Abbildung 2: Arbeit der Wundexpertin in einem gut eingerichteten Wundambulatorium (Quelle: Website der SAfW)
Bei Wundpatienten ist die Grunderkrankung nicht immer gleich gut behandelbar. Bei komplexem Krankheitsbild hat sich deshalb die Behandlung in einem zertifizierten Wundheilungszentrum bewährt, in dem die Vertreter aller Disziplinen an einem Ort die Behandlung gemeinsam durchführen. Durch proaktives Vorgehen, rechtzeitige effektive Analgesie lassen sich unnötige Heilungsverzögerungen vermeiden und Kosten einsparen. Die Erfahrung der Wundexpertin ist dabei entscheidend. Ihr evidenzbasiertes Handeln zeigt sich im adäquaten konzeptuellen Anpacken und dem Einhalten der Richtlinien für die Wundzentren. Die Umsetzung von neuen Erkenntnissen, die interdisziplinäre Zusammenarbeit, den fachlichen Austausch und die Informationsverteilung, unter anderem via Website und Blog, fördert die SAfW mit diversen Aktivitäten. Sie unterstützt wissenschaftliche Projekte und setzt sich für regulatorische Aspekte ein: die Festlegung der Tarifpositionen für Wundbehandlung sowie der Richtlinien für die Wund-
zentren und, wie oben erwähnt, der Richtlinien für Tissue-Engineering-Produkte. Zusammen mit der EMWA (European Wound Management Association) wird sie als Fortbildungsangebot vom 26. bis 28. Mai in Genf die «20th Conference of the EMWA» durchführen (siehe auch www.ewma2010.org).

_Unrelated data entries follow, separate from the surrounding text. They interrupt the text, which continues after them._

Lemma integral_sol_supersolution u : integral_sol u -> exists w, positive_supersolution w.
Proof.
move=> [upos uG]; pose f y := sigma y * u y `^ q.
have f0 y : 0 <= f y by rewrite mulr_ge0 ?powR_ge0.
have finG z : Omega z -> G f z \is a fin_num.
  by move=> Oz; rewrite ge0_fin_numE ?G_ge0 //; apply: le_lt_trans (uG z Oz) (ltry _).
have GfineE z : Omega z -> (Gfine f z)%:E = G f z.
  by move=> Oz; rewrite /Gfine (asboolT Oz) fineK ?finG.
have Gfine_ge0 z : 0 <= Gfine f z.
  by rewrite /Gfine; case: asboolP => // _; exact/fine_ge0/G_ge0.
exists (Gfine f); split.
- by move=> x Ox; rewrite /Gfine (asboolF Ox).
- move=> x Ox; have [o Oo so] := sigma_pos.
  rewrite -lte_fin GfineE //; apply: (G_gt0 f0 Oo (Omega_connected Ox Oo)).
  by rewrite /f mulr_gt0 // powR_gt0 // upos.
- move=> x Ox; apply: le_trans (Gfine_supersolution f0 finG Ox); rewrite lerD2r.
  rewrite ler_wpM2l //; apply: (ge0_ler_powR q_ge0); rewrite ?nnegrE ?Gfine_ge0 ?(ltW (upos x Ox)) //.
  by rewrite -lee_fin GfineE //; exact: uG.
Qed.

Lemma psi_transform_supersolution w h a : positive_supersolution w -> 0 < a ->
  (forall x, 0 <= h x) -> (forall x, Omega x -> 0 < h x) -> (forall x, a * h x <= w x) ->
  supersolution (fun=> 0) h ->
  supersolution (fun x => (q - 1) / a * (a / 2) `^ q * (sigma x * h x `^ q))
    (fun x => h x * psi q a (w x / h x)).
Proof.
move=> [_ _ wsup] a0 h0 hpos ahw hsup x Ox; rewrite mulrA.
have := hsup x Ox; rewrite add0r => hsupx.
apply: (psi_supersolution q_ge1 a0 (hpos x Ox) (ahw x) (P_ge0 x) h0 ahw hsupx (sigma_ge0 x)).
exact: wsup.
Qed.

Lemma positive_supersolution_green w o : positive_supersolution w -> Omega o -> 0 < sigma o ->
  (forall x, Omega x -> green mu Omega o x \is a fin_num) /\
  forall x, sigma o * w o `^ q * muv mu o * greenR o x <= w x.
Proof.
move=> [wout wpos wsup] Oo so.
have w0 x : 0 <= w x by have [/wpos/ltW|/wout->] := pselect (Omega x).
have f0 x : 0 <= sigma x * w x `^ q by rewrite mulr_ge0 ?powR_ge0.
set a := sigma o * w o `^ q * muv mu o.
have a0 : 0 < a by rewrite mulr_gt0 ?mulr_gt0 ?powR_gt0 ?wpos.
have ga x : Omega x -> (green mu Omega o x * a%:E <= (w x)%:E)%E.
  by move=> Ox; rewrite green_sym; exact: green_le_supersolution f0 w0 wsup Oo Ox.
have fin_g x : Omega x -> green mu Omega o x \is a fin_num.
  move=> Ox; have := ga x Ox; have := green_ge0 o x.
  by case: (green mu Omega o x) => [r| |] //= _; rewrite gt0_mulye ?lte_fin.
split => // x; have [Ox|Ox] := pselect (Omega x); last first.
  by rewrite /greenR green_notinr // mulr0.
by rewrite -lee_fin EFinM muleC /greenR fineK ?fin_g //; exact: ga.
Qed.

Lemma positive_supersolution_green_estimate w o : positive_supersolution w ->
  Omega o -> 0 < sigma o -> green_estimate o.
Proof.
move=> wsol Oo so; have [fin_g ah] := positive_supersolution_green wsol Oo so.
have [_ wpos _] := wsol.
set a := sigma o * w o `^ q * muv mu o in ah.
have a0 : 0 < a by rewrite mulr_gt0 ?mulr_gt0 ?powR_gt0 ?wpos.
pose h := greenR o.
have hE x : Omega x -> green mu Omega o x = (h x)%:E by move=> Ox; rewrite fineK ?fin_g.
have hpos x : Omega x -> 0 < h x.
  by move=> Ox; rewrite -lte_fin -hE //; exact/green_gt0/Omega_connected.
have h0 x : 0 <= h x := greenR_ge0 o x.
have w0 x : 0 <= w x := le_trans (mulr_ge0 (ltW a0) (h0 x)) (ah x).
pose c := (q - 1) / a * (a / 2) `^ q.
have c0 : 0 < c by rewrite mulr_gt0 ?powR_gt0 ?divr_gt0 // subr_gt0.
pose v x := h x * psi q a (w x / h x).
have vsup : supersolution (fun x => sigma x * h x `^ q) (fun x => v x / c).
  apply: supersolution_divr c0 _.
  exact: psi_transform_supersolution wsol a0 h0 hpos ah (green_superharmonic Oo fin_g).
have v_le_h x : v x <= h x.
  by rewrite -[leRHS]mulr1 ler_wpM2l // psi_le1 // divr_ge0.
exists c^-1; first by rewrite invr_gt0.
move=> x Ox; split; last by rewrite hE // ltry.
rewrite green_op_greenRE // hE // -EFinM mulrC.
apply: le_trans (G_minimal _ _ vsup Ox) _.
- by move=> y; rewrite mulr_ge0 ?powR_ge0.
- by move=> y; rewrite divr_ge0 ?(ltW c0) // mulr_ge0 ?psi_ge0 ?divr_ge0.
- by rewrite lee_fin ler_pM2r ?invr_gt0.
Qed.

Lemma green_estimate_integral_sol o : Omega o -> green_estimate o -> exists u, integral_sol u.
Proof.
move=> Oo [C C0 estC].
pose h := greenR o.
have fin_g x : Omega x -> green mu Omega o x \is a fin_num.
  by move=> Ox; rewrite ge0_fin_numE ?green_ge0 // (estC x Ox).2.
have hE x : Omega x -> green mu Omega o x = (h x)%:E by move=> Ox; rewrite fineK ?fin_g.
have hpos x : Omega x -> 0 < h x.
  by move=> Ox; rewrite -lte_fin -hE //; exact/green_gt0/Omega_connected.
(* [lam * h] solves (II) as soon as [lam ^ q * C <= lam]; take equality. *)
pose lam := C^-1 `^ (q - 1)^-1.
have lam0 : 0 < lam by rewrite powR_gt0 // invr_gt0.
have lamq : lam `^ q * C = lam.
  have -> : q = q - 1 + 1 by ring.
  rewrite powRD; last by apply/implyP => _; rewrite gt_eqF.
  rewrite powRr1 ?ltW // /lam -powRrM mulVf ?powRr1 ?invr_ge0 ?ltW //.
    by rewrite mulrAC mulVf ?gt_eqF // mul1r.
  by rewrite subr_eq0 gt_eqF.
exists (fun x => lam * h x); split => [x Ox|x Ox]; first by rewrite mulr_gt0 ?hpos.
have -> : (fun y => (sigma y * (lam * h y) `^ q)%:E) =
    (fun y => (lam `^ q * (sigma y * h y `^ q))%:E).
  apply/funext => y; rewrite powRM ?(ltW lam0) ?greenR_ge0 //; congr EFin; ring.
have f0 y : 0 <= sigma y * h y `^ q by rewrite mulr_ge0 ?powR_ge0.
apply: le_trans (G_scale_le x f0 (powR_ge0 lam q)) _.
rewrite -green_op_greenRE //; apply: le_trans (lee_wpmul2l _ (estC x Ox).1) _.
  by rewrite lee_fin powR_ge0.
by rewrite hE // -!EFinM mulrA lamq.
Qed.

Lemma lane_emden_equiv : [/\ (exists u, dirichlet_sol u) <-> (exists u, integral_sol u),
  (exists u, integral_sol u) <-> (exists o, [/\ Omega o, 0 < sigma o & green_estimate o]) &
  (exists o, [/\ Omega o, 0 < sigma o & green_estimate o]) <->
  (forall o, Omega o -> 0 < sigma o -> green_estimate o)].
Proof.
have [o Oo so] := sigma_pos.
have estimate_all u : integral_sol u -> forall o, Omega o -> 0 < sigma o -> green_estimate o.
  move=> /integral_sol_supersolution [w wsol] o' Oo' so'.
  exact: positive_supersolution_green_estimate wsol Oo' so'.
split; split.
- by move=> [u /dirichlet_integral_sol]; exists u.
- move=> [u /integral_sol_supersolution [w /positive_supersolution_dirichlet]].
  by exists w.
- by move=> [u /estimate_all est_u]; exists o; split => //; exact: est_u.
- by move=> [o' [Oo' _ /(green_estimate_integral_sol Oo')]].
- by move=> [o' [Oo' _ /(green_estimate_integral_sol Oo') [u /estimate_all]]].
- by move=> est; exists o; split => //; exact: est.
Qed.

End LaneEmden.
End KilledWalk.

Lemma connected_muv_gt0 (R : realType) (V : countType) (mu : V -> V -> R) :
  (forall x y, 0 <= mu x y) -> locally_finite mu ->
  infinite_set [set: V] -> connected_set mu [set: V] -> forall x, 0 < muv mu x.
Proof.
move=> mu_ge0 mu_lf V_inf V_conn x.
have [y yx] : exists y, y != x.
  apply: contrapT => all_x; apply: V_inf.
  suff -> : [set: V] = [set x] by exact: finite_set1.
  apply/seteqP; split => // y _ /=; apply: contrapT => yx.
  by apply: all_x; exists y; apply/eqP.
have [z xz] : exists z, 0 < mu x z.
  move: (V_conn x y I I) yx.
  by case=> [z _|z w z' _ zw _]; [rewrite eqxx | exists w].
rewrite /muv fsbig_finite; last exact: mu_lf.
rewrite (bigD1_seq z) ?fset_uniq //=; first by rewrite ltr_wpDr // sumr_ge0.
by rewrite in_fset_set; [exact: mem_set | exact: mu_lf].
Qed.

Behandlung eines Patienten im Wundzentrum
Im Universitätsspital Zürich findet jeweils am Montagnachmittag die interdisziplinäre Wundsprechstunde statt, in der je eine Fachperson aus der Orthopädie, Wiederherstellungschirurgie, Dermatologie, Gefässchirurgie und aus dem Gipszimmer vertreten ist sowie eine Podologin und Wundexpertinnen teilnehmen. Claudia Keller-Preisig, Vizepräsidentin Pflege SAfW, zeigte den Nutzen der interdisziplinären Zusammenarbeit eindrücklich am Fallbeispiel eines 85-jährigen Patienten mit einem medioplantaren Ulkus rechts, Arteriosklerose beiderseits und weiteren, für die Wundbehandlung jedoch irrelevanten Nebendiagnosen. Trotz Behandlung mit modernen Wundauflagen im Universitätsspital und bei der Spitex trat langzeitig keine Besserung auf, sodass der Patient nach zehn Monaten in die Durchführung der von ihm zuerst verweigerten Biopsie einwilligte. Die Analyse zeigte ein spinozelluläres Karzinom, das daraufhin chirurgisch exzidiert wurde. Ein am Oberschenkel entnommenes Spalthauttransplantat stimulierte die Wundheilung, sodass die Wunde nach zwei Monaten vollständig verheilt war. Nach der Abheilung wurde eine leichte Hyperkeratose abgetragen sowie eine gute Narbenpflege durchgeführt. Zur Druckentlastung liess man für den Patienten eine orthopädische Schuhsohle anfertigen. Dank dieser Massnahmen steigerte sich die Lebensqualität des Patienten erheblich: Er hatte keine Schmerzen mehr, gewann an Mobilität, indem er wieder ohne Stock gehen konnte, und war freier in seiner Lebensgestaltung ohne die regelmässigen Behandlungstermine.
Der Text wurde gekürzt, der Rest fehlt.